Note: my original plan was to post this patch series after the merge window
has closed. I'm posting this now to allow comparison with alternative
approaches.

Thanks,

Bart.

Bart Van Assche (2):
  blk-mq: Move the TAG_ACTIVE and SCHED_RESTART flags from hctx into
    blk_mq_tags
  block: Add support for sharing tags across hardware queues

John Garry (1):
  blk-mq: Remove some unused function arguments

 block/blk-mq-debugfs.c | 42 ++++++++++++++++++++++++++++++++++++++----
 block/blk-mq-sched.c   |  8 ++++----
 block/blk-mq-sched.h   |  2 +-
 block/blk-mq-tag.c     | 19 +++++++++++--------
 block/blk-mq-tag.h     | 13 +++++++++++--
 block/blk-mq.c         | 38 +++++++++++++++++++++++++-------------
 block/blk-mq.h         |  2 +-
 include/linux/blk-mq.h | 10 ++++++----
 8 files changed, 97 insertions(+), 37 deletions(-)

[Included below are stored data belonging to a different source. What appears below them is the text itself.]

(* Let $\Gamma$ be a totally ordered additive abelian group, $E$ a finite set, and $\nu_{\mathsf{P}}\colon\Delta_E^r\to\overline{\Gamma}$ an $M$-convex function of rank $r$. Let $\widetilde{\nu}_{\mathsf{P}}\colon\Delta_E^{\leq r}\to\overline{\Gamma}$ be $\widetilde{\nu}_{\mathsf{P}}(\alpha)=\min\{\nu_{\mathsf{P}}(\beta)\mid\beta\in\Delta_E^r,\ \alpha_e\leq\beta_e\ \forall e\in E\}$. Let $Q$ be a finite set disjoint from $E$ and $\widetilde{E}=Q\sqcup E$, and identify $\mathbb{Z}^{\widetilde{E}}=\mathbb{Z}^Q\times\mathbb{Z}^E$. Define $\nu_{\widetilde{\mathsf{P}}}\colon\Delta_{\widetilde{E}}^r\to\overline{\Gamma}$ by $\nu_{\widetilde{\mathsf{P}}}((\alpha_Q,\alpha))=\widetilde{\nu}_{\mathsf{P}}(\alpha)$ for every $(\alpha_Q,\alpha)\in\Delta^r_{\widetilde{E}}$ with $\alpha\in\Delta_E^{\leq r}$ and $\alpha_Q\in\Delta_Q^{r-|\alpha|}$. Then $\nu_{\widetilde{\mathsf{P}}}$ is an $M$-convex function of rank $r$ on $\widetilde{E}$.
   Context: $\overline{\Gamma}=\Gamma\sqcup\{\infty\}$ with $\infty$ larger than every element of $\Gamma$. For $s\in E$, $e_s$ is the standard basis vector of $\mathbb{Z}^E$. $|\alpha|=\sum_e\alpha_e$, $\Delta_E^k=\{\alpha\in\mathbb{Z}^E_{\ge0}\mid|\alpha|=k\}$, $\Delta_E^{\leq r}=\{\alpha\in\mathbb{Z}^E_{\ge 0}\mid |\alpha|\leq r\}$. An $M$-convex function of rank $r$ on $E$ is a map $\nu\colon\Delta_E^r\to\overline{\Gamma}$, not identically $\infty$, such that for all $\alpha,\beta\in\Delta_E^r$ and every $s\in E$ with $\alpha_s>\beta_s$ there is $t\in E$ with $\beta_t>\alpha_t$ and $\nu(\alpha)+\nu(\beta)\geq\nu(\alpha-e_s+e_t)+\nu(\beta-e_t+e_s)$. *)

From mathcomp Require Import all_boot all_order all_algebra.
Set Implicit Arguments. Unset Strict Implicit. Unset Printing Implicit Defensive.
Import GRing.Theory.
Local Open Scope ring_scope.

Definition ordered_group (G : zmodType) (le : rel G) : Prop :=
  [/\ reflexive le, antisymmetric le, transitive le, total le
    & forall x y z : G, le x y -> le (x + z) (y + z)].

(* Gamma-bar = Gamma ⊔ {oo}, encoded as option G with None = oo. *)
Definition gbar (G : zmodType) := option G.

Definition addbar (G : zmodType) (x y : option G) : option G :=
  match x, y with Some a, Some b => Some (a + b) | _, _ => None end.

Definition lebar (G : zmodType) (le : rel G) (x y : option G) : bool :=
  match x, y with
  | _, None => true
  | None, Some _ => false
  | Some a, Some b => le a b
  end.

Definition minbar (G : zmodType) (le : rel G) (x y : option G) : option G :=
  if lebar le x y then x else y.

Definition absv (E : finType) (a : {ffun E -> nat}) : nat := (\sum_(e : E) a e)%N.

Definition inDelta (E : finType) (k : nat) (a : {ffun E -> nat}) : bool :=
  absv a == k.

(* M-convex function of rank r on E (values outside Delta_E^r are irrelevant) *)
Definition Mconvex (G : zmodType) (le : rel G) (E : finType) (r : nat)
    (nu : {ffun E -> nat} -> option G) : Prop :=
  (exists a, inDelta r a /\ nu a <> None) /\
  forall a b : {ffun E -> nat}, inDelta r a -> inDelta r b ->
  forall s : E, (b s < a s)%N ->
  exists t : E, (a t < b t)%N /\
    lebar le
      (addbar (nu [ffun e => a e - (e == s) + (e == t)]%N)
              (nu [ffun e => b e - (e == t) + (e == s)]%N))
      (addbar (nu a) (nu b)).

Definition Delta_seq (E : finType) (r : nat) : seq {ffun E -> nat} :=
  filter (inDelta r)
    (map (fun f : {ffun E -> 'I_r.+1} => [ffun e => nat_of_ord (f e)])
       (enum {: {ffun E -> 'I_r.+1}})).

Definition nutilde (G : zmodType) (le : rel G) (E : finType) (r : nat)
    (nu : {ffun E -> nat} -> option G) (a : {ffun E -> nat}) : option G :=
  foldr (minbar le) None
    [seq nu b | b : {ffun E -> nat} <- Delta_seq E r & [forall e, (a e <= b e)%N]].

Definition nu_ext (G : zmodType) (le : rel G) (Q E : finType) (r : nat)
    (nu : {ffun E -> nat} -> option G) (x : {ffun (Q + E)%type -> nat}) : option G :=
  nutilde le r nu [ffun e => x (inr e)].

(* Write nt for nu-tilde, so that the extended function is x |-> nt (E-part of x).
   For targets c, d a witness pair is a pair (A, B) in Delta_E^r with c <= A, d <= B
   and nu A + nu B <= M; for M = nt c + nt d such a pair exists and M bounds every
   such sum from below.  The exchange property on Q + E reduces to three exchange
   inequalities for nt: moving a unit from Q into E (when |c| < |d|), swapping inside
   E (when |c| <= |d|), and, when |c| > |d|, swapping inside E or moving a unit out
   of E.  Each is proved by applying the exchange axiom of nu to an optimal witness
   pair: either the exchanged pair already witnesses the wanted inequality, or it is
   again optimal; as the first component of one optimal pair combines with the
   second component of another, this yields an optimal pair at smaller l1-distance,
   and induction on that distance concludes.  In the delicate case of a swap with
   A s = c s and B s = d s, the argument passes through the shifted targets
   (c - s, d + s), keeping the coordinate s frozen. *)

From mathcomp Require Import all_boot all_order all_algebra.
From mathcomp Require Import zify.
Set Implicit Arguments. Unset Strict Implicit. Unset Printing Implicit Defensive.

Lemma ltn_sum (I : finType) (f g : I -> nat) i0 :
  (forall i, f i <= g i) -> f i0 < g i0 -> \sum_i f i < \sum_i g i.
Proof.
move=> le_fg lt_fg0; rewrite (bigD1 i0) //= [X in _ < X](bigD1 i0) //=.
by rewrite -addSn leq_add // leq_sum.
Qed.

Lemma exists_ltn_sum (I : finType) (f g : I -> nat) :
  \sum_i f i < \sum_i g i -> exists i, f i < g i.
Proof.
move=> lt_fg; apply/existsP; apply: contraLR lt_fg => /existsPn le_gf.
by rewrite -leqNgt; apply: leq_sum => i _; rewrite leqNgt le_gf.
Qed.

Lemma sum_nat_mem (I : finType) (W : {set I}) : \sum_i (i \in W) = #|W|.
Proof. by rewrite -sum1_card [RHS]big_mkcond; apply: eq_bigr => i _; case: (i \in W). Qed.

Lemma sum_nat_eq (I : finType) (i0 : I) : \sum_i (i == i0) = 1.
Proof. by rewrite -(cards1 i0) -sum_nat_mem; apply: eq_bigr => i _; rewrite inE. Qed.

Lemma exists_ltn_of_absv (I : finType) (x y : {ffun I -> nat}) s :
  absv x = absv y -> y s < x s -> exists t, x t < y t.
Proof.
move=> eq_xy lt_s; apply/existsP; apply: contraT => /existsPn le_yx.
suff : absv y < absv x by rewrite eq_xy ltnn.
by apply: (ltn_sum (i0 := s)) => // t; rewrite leqNgt le_yx.
Qed.

Section OrderedGroupBar.
Variables (G : zmodType) (le : rel G) (HG : ordered_group le).
Local Notation lb := (lebar le).
Local Notation ad := (@addbar G).
Local Open Scope ring_scope.

Lemma lebar_refl x : lb x x.
Proof. by case: HG => le_refl _ _ _ _; case: x => //= a; apply: le_refl. Qed.

Lemma lebar_trans x y z : lb x y -> lb y z -> lb x z.
Proof.
case: HG => _ _ le_trans _ _.
by case: x => [a|]; case: y => [b|]; case: z => [c|] //=; apply: le_trans.
Qed.

Lemma nlebar_ge x y : ~~ lb x y -> lb y x.
Proof.
case: HG => _ _ _ le_total _.
by case: x => [a|]; case: y => [b|] //=; case/orP: (le_total a b) => ->.
Qed.

Lemma lebar_None x : lb x None.
Proof. by case: x. Qed.

Lemma lebarD x1 y1 x2 y2 : lb x1 y1 -> lb x2 y2 -> lb (ad x1 x2) (ad y1 y2).
Proof.
case: HG => _ _ le_trans _ leD2r.
case: x1 => [a1|]; case: y1 => [b1|]; case: x2 => [a2|]; case: y2 => [b2|] //=.
move=> le_ab1 le_ab2; apply: (le_trans (b1 + a2)); first exact: leD2r.
by rewrite ![b1 + _]GRing.addrC; apply: leD2r.
Qed.

Lemma lebar_addr2 x y c : lb (ad x (Some c)) (ad y (Some c)) -> lb x y.
Proof.
case: HG => _ _ _ _ leD2r.
by case: x => [a|]; case: y => [b|] //= /(leD2r _ _ (- c)); rewrite !GRing.addrK.
Qed.

Lemma addbar_finite x y M : M <> None -> lb (ad x y) M ->
  exists a b, x = Some a /\ y = Some b.
Proof. by case: M => // M _; case: x => [a|]; case: y => [b|] //= _; exists a, b. Qed.

End OrderedGroupBar.

(* Clearing the non-arithmetic hypotheses keeps lia fast. *)
Ltac vec_lia :=
  rewrite ?ffunE;
  repeat match goal with |- context [?x == ?y] => case: (x =P y) => [?|?]; subst end;
  rewrite ?eqxx /=; intros; try done;
  repeat match goal with H : ?T |- _ => lazymatch T with
    | is_true (leq _ _) => fail | @eq nat _ _ => fail | not _ => fail | _ => clear H end end;
  solve [lia | congruence].

Section Vectors.
Variable E : finType.
Implicit Types (a b c d A B : {ffun E -> nat}) (e s t u v : E).

Definition vle a b := forall e, a e <= b e.
Definition incr a t := [ffun e => a e + (e == t)].
Definition decr a s := [ffun e => a e - (e == s)].
Definition exch a s t := [ffun e => a e - (e == s) + (e == t)].
Definition dist a b := \sum_e (a e - b e + (b e - a e)).

Lemma absv_incr a t : absv (incr a t) = (absv a).+1.
Proof.
rewrite /absv; under eq_bigr do rewrite ffunE.
by rewrite big_split /= sum_nat_eq addn1.
Qed.

Lemma absv_decr a s : 0 < a s -> (absv (decr a s)).+1 = absv a.
Proof.
move=> a_s; rewrite /absv -addn1 -(sum_nat_eq s) -big_split /=.
by apply: eq_bigr => e _; vec_lia.
Qed.

Lemma exch_incr_decr a s t : exch a s t = incr (decr a s) t.
Proof. by apply/ffunP => e; rewrite !ffunE. Qed.

Lemma incr_decrK a s : 0 < a s -> incr (decr a s) s = a.
Proof. by move=> a_s; apply/ffunP => e; vec_lia. Qed.

Lemma decr_incrK a s : decr (incr a s) s = a.
Proof. by apply/ffunP => e; vec_lia. Qed.

Lemma decr_incr_exch a s t : t != s -> decr (incr a s) t = exch a t s.
Proof. by move=> ts; apply/ffunP => e; move: ts; vec_lia. Qed.

Lemma absv_exch a s t : 0 < a s -> absv (exch a s t) = absv a.
Proof. by move=> a_s; rewrite exch_incr_decr absv_incr absv_decr. Qed.

Lemma inDelta_exch r a s t : inDelta r a -> 0 < a s -> inDelta r (exch a s t).
Proof. by rewrite /inDelta => a_r a_s; rewrite absv_exch. Qed.

Lemma leq_absv a e : a e <= absv a.
Proof. by rewrite /absv (bigD1 e) //= leq_addr. Qed.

^ permalink raw reply	[flat|nested] 6+ messages in thread

* [PATCH 1/3] blk-mq: Remove some unused function arguments
  2019-11-26 17:56 [PATCH 0/3] blk-mq: Support sharing tags across hardware queues Bart Van Assche
@ 2019-11-26 17:56 ` Bart Van Assche
  2019-11-26 17:56 ` [PATCH 2/3] blk-mq: Move the TAG_ACTIVE and SCHED_RESTART flags from hctx into blk_mq_tags Bart Van Assche
  2019-11-26 17:56 ` [PATCH 3/3] block: Add support for sharing tags across hardware queues Bart Van Assche
  2 siblings, 0 replies; 6+ messages in thread
From: Bart Van Assche @ 2019-11-26 17:56 UTC (permalink / raw)
  To: Jens Axboe
  Cc: linux-block, Christoph Hellwig, Bart Van Assche, John Garry,
	Christoph Hellwig, Ming Lei, Hannes Reinecke

From: John Garry <john.garry@huawei.com>

The hardware queue argument in blk_mq_put_tag(), blk_mq_poll_nsecs(), and
blk_mq_poll_hybrid_sleep() is unused, so remove it.

Cc: Christoph Hellwig <hch@infradead.org>
Cc: Ming Lei <ming.lei@redhat.com>
Cc: Hannes Reinecke <hare@suse.com>
Cc: John Garry <john.garry@huawei.com>
Signed-off-by: John Garry <john.garry@huawei.com>
[ bvanassche: edited patch description ]
Signed-off-by: Bart Van Assche <bvanassche@acm.org>
---
 block/blk-mq-tag.c |  4 ++--
 block/blk-mq-tag.h |  3 +--
 block/blk-mq.c     | 10 ++++------
 block/blk-mq.h     |  2 +-
 4 files changed, 8 insertions(+), 11 deletions(-)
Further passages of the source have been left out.